Khiron Life Sciences Announces Proposed Offering of Securities

Khiron Life Sciences Corp. (“Khiron” or the “Company“) (TSXV: KHRN) (OTCQX: KHRNF), announces that it has commenced an overnight marketed offering (the “Offering“) of the Company’s units (each an “Offered Unit“) on a reasonable best-efforts agency basis, with each Offered Unit comprising of one common share and one common share purchase warrant (each a “Warrant“) at a price of $0.45 per Offered Unit. Each Warrant will entitle the holder to purchase one common share of the Company at an exercise price of $0.75 per share expiring on November 26, 2025.    

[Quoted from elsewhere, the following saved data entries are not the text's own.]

Lemma qs_forest_graft_inv S j a w f : uniq S -> qs_forest S j.+1 ((a :: w) :: f) ->
  exists g, [/\ a \in S, qs_forest (rem a S) (j + k) g & (a :: w) :: f = graft a g].
Proof.
move=> uS /and3P[/eqP[sizef] /andP[qw qf]].
have [Bs [-> sizeBs aBs dBs qBs]] := qs_word_cons qw; move=> /forallP cnt.
have cnt_z z : (a == z) * k + count_mem z (flatten Bs) + count_mem z (flatten f)
    = k * (z \in S).
  by move/eqP: (cnt z); rewrite /= count_cat count_interleave sizeBs.
have aS : a \in S.
  by apply: contraTT k_gt0 => /negbTE aS; have := cnt_z a; rewrite eqxx aS; lia.
exists (Bs ++ f); split=> //; last by rewrite /graft take_size_cat ?drop_size_cat.
apply/and3P; split; first by rewrite size_cat sizeBs sizef addnC.
  by rewrite all_cat qBs.
apply/forallP => z; rewrite flatten_cat count_cat mem_rem_uniq // inE.
have := cnt_z z; have [<-|_] := eqVneq a z.
  by rewrite aS (count_memPn aBs) /= muln0; lia.
by rewrite mul0n add0n /= => ->.
Qed.

Lemma qs_forestSP S j f : uniq S -> qs_forest S j.+1 f ->
  (exists2 f', f = [::] :: f' & qs_forest S j f') \/
  (exists a g, [/\ a \in S, qs_forest (rem a S) (j + k) g & f = graft a g]).
Proof.
move=> uS; case: f => [|[|a w] f] qf; first by case/and3P: qf.
  by left; exists f => //; rewrite -qs_forest_nil_cons.
by right; exists a; apply: qs_forest_graft_inv.
Qed.

Lemma graft_inj S n a1 a2 g1 g2 : uniq S -> k <= n ->
  qs_forest (rem a1 S) n g1 -> qs_forest (rem a2 S) n g2 ->
  graft a1 g1 = graft a2 g2 -> a1 = a2 /\ g1 = g2.
Proof.
move=> uS le_kn qg1 qg2 [eqI eqD].
have [a1g1 size1] := qs_forest_take uS le_kn qg1.
have [a2g2 size2] := qs_forest_take uS le_kn qg2.
have ea : a1 = a2.
  move: eqI size1 size2; case: (take k g1) => [_ e|B1 Bs1].
    by move: k_gt0; rewrite -e.
  by case: (take k g2) => [_ _ e|B2 Bs2 [->]]; first by move: k_gt0; rewrite -e.
subst a2; split=> //.
rewrite -[g1](cat_take_drop k) -[g2](cat_take_drop k) eqD.
by rewrite (interleave_inj a1g1 a2g2 eqI).
Qed.

Lemma graft_neq_nil_cons S n a g f : uniq S -> k <= n ->
  qs_forest (rem a S) n g -> graft a g != [::] :: f.
Proof.
move=> uS le_kn qg; have [_] := qs_forest_take uS le_kn qg.
rewrite /graft; case: (take k g) => [|B Bs] sizeBs //; move: k_gt0; by rewrite -sizeBs.
Qed.

(* The fuel [m] is [size S]; it makes the recursion through [rem a S] structural. *)
Fixpoint forests m S j {struct m} : seq (seq (seq T)) :=
  let fix grow j := match j with
    | 0 => if S is [::] then [:: [::]] else [::]
    | j'.+1 => [seq [::] :: f | f <- grow j'] ++
        if m is m'.+1 then [seq graft a g | a <- S, g <- forests m' (rem a S) (j' + k)]
        else [::]
    end in grow j.

Lemma forests0 m S : forests m S 0 = if S is [::] then [:: [::]] else [::].
Proof. by case: m. Qed.

Lemma forestsS m S j : forests m S j.+1 = [seq [::] :: f | f <- forests m S j] ++
  if m is m'.+1 then [seq graft a g | a <- S, g <- forests m' (rem a S) (j + k)]
  else [::].
Proof. by case: m. Qed.

Lemma size_forests m S j : size S = m -> size (forests m S j) = forest_count k m j.
Proof.
elim: m S j => [|m IHm] S j sizeS; elim: j => [|j IHj].
- by rewrite forests0 forest_count0 (size0nil sizeS).
- by rewrite forestsS forest_countS /= cats0 addn0 size_map IHj.
- by rewrite forests0 forest_count0; case: S sizeS.
rewrite forestsS forest_countS size_cat size_map IHj size_allpairs_dep sumnE big_map.
rewrite (eq_big_seq (fun=> forest_count k m (j + k))) => [|a aS]; last first.
  by rewrite IHm // size_rem // sizeS.
by rewrite big_const_seq count_predT iter_addn_0 sizeS mulnC.
Qed.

A.G.P./Alliance Global Partners and ATB Capital Markets Inc. have agreed to act as the lead placement agent and co-placement agent, respectively, for the proposed Offering. The securities offered under the Offering will be issued and sold only in the United States in accordance with applicable securities laws. 

The Company intends to use the net proceeds of the Offering for: (i) future acquisitions; (ii) capital expenditures; and (iii) general corporate and working capital purposes. The proposed Offering is expected to close on or about July 8, 2021, subject to the satisfaction of customary closing conditions and the receipt of regulatory approvals, including the approval of the TSX Venture Exchange (the “TSXV“). There can be no assurance as to whether or when the proposed Offering may be completed, or as to the actual size or specific terms of the Offering.

The Offering is expected to be conducted on a private placement basis to persons in the United States who are “qualified institutional buyers”, as such term is defined in Rule 144A under the United States Securities Act of 1933, as amended (the “U.S. Securities Act“), who are also “accredited investors”, as such term is defined in Rule 501(a) of Regulation D  under the U.S. Securities Act (“Regulation D“), and, in each case, in compliance with Rule 506(b) of Regulation D and applicable United States securities laws. The Company has agreed to file a prospectus supplement (the “Prospectus Supplement“) in Canada to its existing Canadian base shelf prospectus (the “Shelf Prospectus“) filed with the securities regulatory authority in each of the provinces and territories of Canada that will cover the resale of (i) the common shares issued in the Offering; and (ii) the common shares issuable upon exercise of the Warrants. 

A copy of the Shelf Prospectus can be found on SEDAR at www.sedar.com.

The securities offered in the Offering have not been and will not be registered under the U.S. Securities Act or the securities laws of any state of the United States and may not be offered or sold absent such registration or an applicable exemption from such registration requirements. This news release shall not constitute an offer to sell or the solicitation of an offer to buy, nor shall there be any sale of the Offered Units in any jurisdiction in which such offer, solicitation or sale would be unlawful prior to registration or qualification under the securities laws of that jurisdiction. The securities referenced herein have not been approved or disapproved by any regulatory authority.